WORK TO BE COMPLETED
For the listing below, print exactly the lines from the line with "exists mh, [/\" to the line with "at which every", both included, and nothing beyond them.

MATERIAL PROVIDED
(* Let $mG$ be a finite canonical misinformation game and let $mG'\in\mathcal{AD}^*(\{mG\})$ satisfy $\mathcal{AD}(\{mG'\})=\{mG'\}$. Then $NME(mG')\subseteq SME(mG)$.
   Context: A normal-form game is $G=\langle N,S,P\rangle$ with finite players $N$, finite pure strategy sets $S_i$, positions $S=\times_i S_i$, payoffs $P_i:S\to\mathbb{R}$. A misinformation game $mG=\langle G^0,G^1,\dots,G^{|N|}\rangle$ consists of the actual game $G^0$ and subjective games $G^i$; it is canonical if all $G^i=\langle N,S,P^i\rangle$ differ from $G^0$ only in payoffs and in every $G^i$ all players have equally many pure strategies. $NME(mG)$ is the set of profiles $\sigma=(\sigma_1,\dots,\sigma_{|N|})$ such that each $\sigma_i$ is player $i$'s component of some Nash equilibrium of $G^i$. $\chi(\sigma)=\mathrm{supp}(\sigma_1)\times\dots\times\mathrm{supp}(\sigma_{|N|})$. For $\vec v\in S$, $mG_{\vec v}$ is obtained by replacing, in every $P^i$ ($i\ge1$), the payoff vector at position $\vec v$ by $P^0(\vec v)$. For a set $M$ of misinformation games, $\mathcal{AD}(M)=\{mG_{\vec u}: mG\in M,\sigma\in NME(mG),\vec u\in\chi(\sigma)\}$, $\mathcal{AD}^{(0)}(M)=M$, $\mathcal{AD}^{(t+1)}(M)=\mathcal{AD}^{(t)}(\mathcal{AD}(M))$, $\mathcal{AD}^*(M)=\bigcup_{t\ge0}\mathcal{AD}^{(t)}(M)$; the length $\mathfrak{L}$ is the least $t\ge0$ with $\mathcal{AD}^{(t+1)}(M)=\mathcal{AD}^{(t)}(M)$ and $\mathcal{AD}^\infty(M)=\mathcal{AD}^{(\mathfrak{L})}(M)$. A profile $\sigma$ is a stable misinformed equilibrium of $mG$ if there is $\widehat{mG}\in\mathcal{AD}^\infty(\{mG\})$ with $\sigma\in NME(\widehat{mG})$ and $\widehat{mG}_{\vec v}=\widehat{mG}$ for all $\vec v\in\chi(\sigma)$; $SME(mG)$ is the set of these. *)

From HB Require Import structures.
From mathcomp Require Import all_boot all_order all_algebra.
From mathcomp Require Import reals.
Set Implicit Arguments. Unset Strict Implicit. Unset Printing Implicit Defensive.
Import Order.TTheory GRing.Theory Num.Theory.
Local Open Scope ring_scope.

(* A canonical misinformation game: all games G^0,...,G^n share N and S and
   differ only in payoffs, so a game is just its payoff function
   P : S -> R^N  (S = positions), and a misinformation game is a family of
   payoffs indexed by option 'I_n  (None = actual game G^0, Some i = G^i). *)

Section MisinformationGames.
Variable R : realType.
Variable n : nat.
Variable S : 'I_n -> finType.

Definition position : finType := {dffun forall i : 'I_n, S i}.
Definition payoff := {ffun position -> {ffun 'I_n -> R}}.
Definition mgame := {ffun option 'I_n -> payoff}.

Definition mixed_strategy (i : 'I_n) (x : {ffun S i -> R}) : Prop :=
  (forall a, 0 <= x a) /\ \sum_a x a = 1.
Definition profile := forall i : 'I_n, {ffun S i -> R}.
Definition is_profile (sg : profile) : Prop := forall i, mixed_strategy (sg i).

Definition exp_payoff (P : payoff) (i : 'I_n) (sg : profile) : R :=
  \sum_(s : position) (\prod_(j : 'I_n) sg j (s j)) * P s i.
Definition dev_payoff (P : payoff) (i : 'I_n) (sg : profile)
    (tau : {ffun S i -> R}) : R :=
  \sum_(s : position) (tau (s i) * \prod_(j | j != i) sg j (s j)) * P s i.
Arguments dev_payoff P i sg tau : clear implicits.

Definition nash (P : payoff) (sg : profile) : Prop :=
  is_profile sg /\
  forall i (tau : {ffun S i -> R}), mixed_strategy tau ->
    dev_payoff P i sg tau <= exp_payoff P i sg.

Definition NME (mg : mgame) (sg : profile) : Prop :=
  forall i : 'I_n, exists tau, nash (mg (Some i)) tau /\ sg i = tau i.

Definition in_chi (sg : profile) (v : position) : Prop :=
  forall i : 'I_n, sg i (v i) != 0.

Definition mg_upd (mg : mgame) (v : position) : mgame :=
  [ffun k : option 'I_n =>
     if k is Some _ then
       [ffun s : position => if s == v then mg None v else mg k s] : payoff
     else mg None].

Definition mgset := mgame -> Prop.
Definition single (mg : mgame) : mgset := fun g => g = mg.
Definition set_eq (A B : mgset) : Prop := forall g, A g <-> B g.

Definition AD (M : mgset) : mgset := fun g =>
  exists mg sg v, [/\ M mg, NME mg sg, in_chi sg v & g = mg_upd mg v].

Fixpoint ADn (t : nat) (M : mgset) : mgset :=
  match t with
  | O => M
  | t'.+1 => ADn t' (AD M)
  end.

Definition ADstar (M : mgset) : mgset := fun g => exists t, ADn t M g.

Definition is_length (M : mgset) (L : nat) : Prop :=
  set_eq (ADn L.+1 M) (ADn L M) /\
  forall t, (t < L)%N -> ~ set_eq (ADn t.+1 M) (ADn t M).

Definition ADinf (M : mgset) : mgset := fun g =>
  exists L, is_length M L /\ ADn L M g.

Definition SME (mg : mgame) (sg : profile) : Prop :=
  exists mh, [/\ ADinf (single mg) mh, NME mh sg &
                 forall v, in_chi sg v -> mg_upd mh v = mh].

End MisinformationGames.

(* An update mG_v either leaves mG unchanged or adds v to the set of positions
   at which every subjective payoff already agrees with the actual one.  As
   there are finitely many positions, a game reached after t rounds of AD is
   either reached after fewer rounds or has at least t agreeing positions;
   hence AD^(t) is constant from #|positions| + 1 on, and the length exists.
   A game mG' with AD({mG'}) = {mG'} is its own AD-successor, so once it
   appears in AD^(t) it stays in every later iterate, in particular in
   AD^infinity; and every update of mG' along the support of one of its
   NMEs is mG' itself, which makes those NMEs stable. *)
From HB Require Import structures.
From mathcomp Require Import all_boot all_order all_algebra.
From mathcomp Require Import reals boolp.

Set Implicit Arguments. Unset Strict Implicit. Unset Printing Implicit Defensive.

Section Adjustment.
Variable R : realType.
Variable n : nat.
Variable S : 'I_n -> finType.

Implicit Types (M : mgset R S) (g h : mgame R S).

Definition agreement_set g : {set position S} :=
  [set v | [forall i, g (Some i) v == g None v]].

Lemma card_agreement_set_le g : (#|agreement_set g| <= #|position S|)%N.
Proof. exact: max_card. Qed.

Lemma agreement_set_upd g v : agreement_set (mg_upd g v) = v |: agreement_set g.
Proof.
apply/setP=> s; rewrite !inE; have [->|nsv] /= := eqVneq s v.
  by apply/forallP=> i; rewrite !ffunE eqxx.
by apply/forallP/forallP=> agree i; move: (agree i); rewrite !ffunE (negbTE nsv).
Qed.

Lemma mg_upd_id_or_agreement_grows g v :
  mg_upd g v = g \/ (#|agreement_set g| < #|agreement_set (mg_upd g v)|)%N.
Proof.
have [v_agree|v_new] := boolP (v \in agreement_set g); last first.
  by right; rewrite agreement_set_upd cardsU1 v_new.
left; apply/ffunP=> -[i|]; rewrite ffunE //; apply/ffunP=> s; rewrite ffunE.
have [->|//] := eqVneq s v.
by move: v_agree; rewrite inE => /forallP/(_ i)/eqP->.
Qed.

Lemma ADnS t M : ADn t.+1 M = AD (ADn t M).
Proof. by elim: t M => [|t IH] M //=; rewrite -IH. Qed.

Lemma AD_subset M M' : (forall g, M g -> M' g) -> forall g, AD M g -> AD M' g.
Proof.
by move=> sub _ [g [sg [v [Mg ? ? ->]]]]; exists g, sg, v; split=> //; apply: sub.
Qed.

Lemma ADnS_sub_or_agreement t M g :
  ADn t.+1 M g -> ADn t M g \/ (t < #|agreement_set g|)%N.
Proof.
elim: t g => [|t IH] g; rewrite ADnS => -[h [sg [v [ADh NMEh chi_v ->]]]].
  have [->|lt] := mg_upd_id_or_agreement_grows h v; first by left.
  by right; apply: leq_ltn_trans lt.
have [->|lt] := mg_upd_id_or_agreement_grows h v; first by left.
have [ADh'|le] := IH h ADh; last by right; apply: leq_ltn_trans lt.
by left; rewrite ADnS; exists h, sg, v.
Qed.

Lemma ADn_subS_or_agreement t M g :
  ADn t M g -> ADn t.+1 M g \/ (t <= #|agreement_set g|)%N.
Proof.
elim: t g => [|t IH] g; first by right.
rewrite [ADn t.+1 M]ADnS => -[h [sg [v [ADh NMEh chi_v g_def]]]].
have step : ADn t.+1 M h -> ADn t.+2 M g.
  by move=> ADh'; rewrite ADnS; exists h, sg, v.
have [eq_h|lt] := mg_upd_id_or_agreement_grows h v.
  by left; apply: step; rewrite -[h]eq_h -g_def ADnS; exists h, sg, v.
have [/step|le] := IH h ADh; first by left.
by right; rewrite g_def; apply: leq_ltn_trans lt.
Qed.

Lemma ADn_stabilizes M :
  set_eq (ADn (#|position S|.+1).+1 M) (ADn #|position S|.+1 M).
Proof.
move=> g; have bound := card_agreement_set_le g.
split=> [/ADnS_sub_or_agreement|/ADn_subS_or_agreement] [//|];
  last by rewrite leqNgt ltnS bound.
by move/ltnW; rewrite leqNgt ltnS bound.
Qed.

Lemma ADn_stable_after M L t :
  set_eq (ADn L.+1 M) (ADn L M) -> (L <= t)%N -> set_eq (ADn t M) (ADn L M).
Proof.
move=> stable /subnKC <-; elim: (t - L)%N => [|m IH] g; first by rewrite addn0.
rewrite addnS ADnS -(stable g) ADnS.
by split; apply: AD_subset => h /IH.
Qed.

Lemma exists_length M : exists L, is_length M L.
Proof.
pose stable L := `[< set_eq (ADn L.+1 M) (ADn L M) >].
have [L /asboolP stableL minL] := ex_minnP (ex_intro stable _
  (asboolT (ADn_stabilizes M))).
exists L; split=> // t ltL /asboolP stable_t.
by have := minL t stable_t; rewrite leqNgt ltL.
Qed.

Lemma ADn_persists M g t u :
  AD (single g) g -> ADn t M g -> (t <= u)%N -> ADn u M g.
Proof.
move=> self ADg /subnKC <-; elim: (u - t)%N => [|m IH]; first by rewrite addn0.
by rewrite addnS ADnS; apply: AD_subset self => _ ->.
Qed.

End Adjustment.

Theorem proposition14 (R : realType) (n : nat) (S : 'I_n -> finType)
    (mg mg' : mgame R S) :
  ADstar (single mg) mg' ->
  set_eq (AD (single mg')) (single mg') ->
  forall sg : profile R S, NME mg' sg -> SME mg sg.
Proof.
move=> [t ADt] fixed sg NMEsg.
have [L lengthL] := exists_length (single mg).
have self : AD (single mg') mg' by apply/fixed.
exists mg'; split=> //; last by move=> v chi_v; apply/fixed; exists mg', sg, v.
exists L; split; first exact: lengthL.
apply/(ADn_stable_after lengthL.1 (leq_maxl L t)).
exact: ADn_persists self ADt (leq_maxr L t).
Qed.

RESULT OF THE TASK
  exists mh, [/\ ADinf (single mg) mh, NME mh sg &
                 forall v, in_chi sg v -> mg_upd mh v = mh].

End MisinformationGames.

(* An update mG_v either leaves mG unchanged or adds v to the set of positions
   at which every subjective payoff already agrees with the actual one.  As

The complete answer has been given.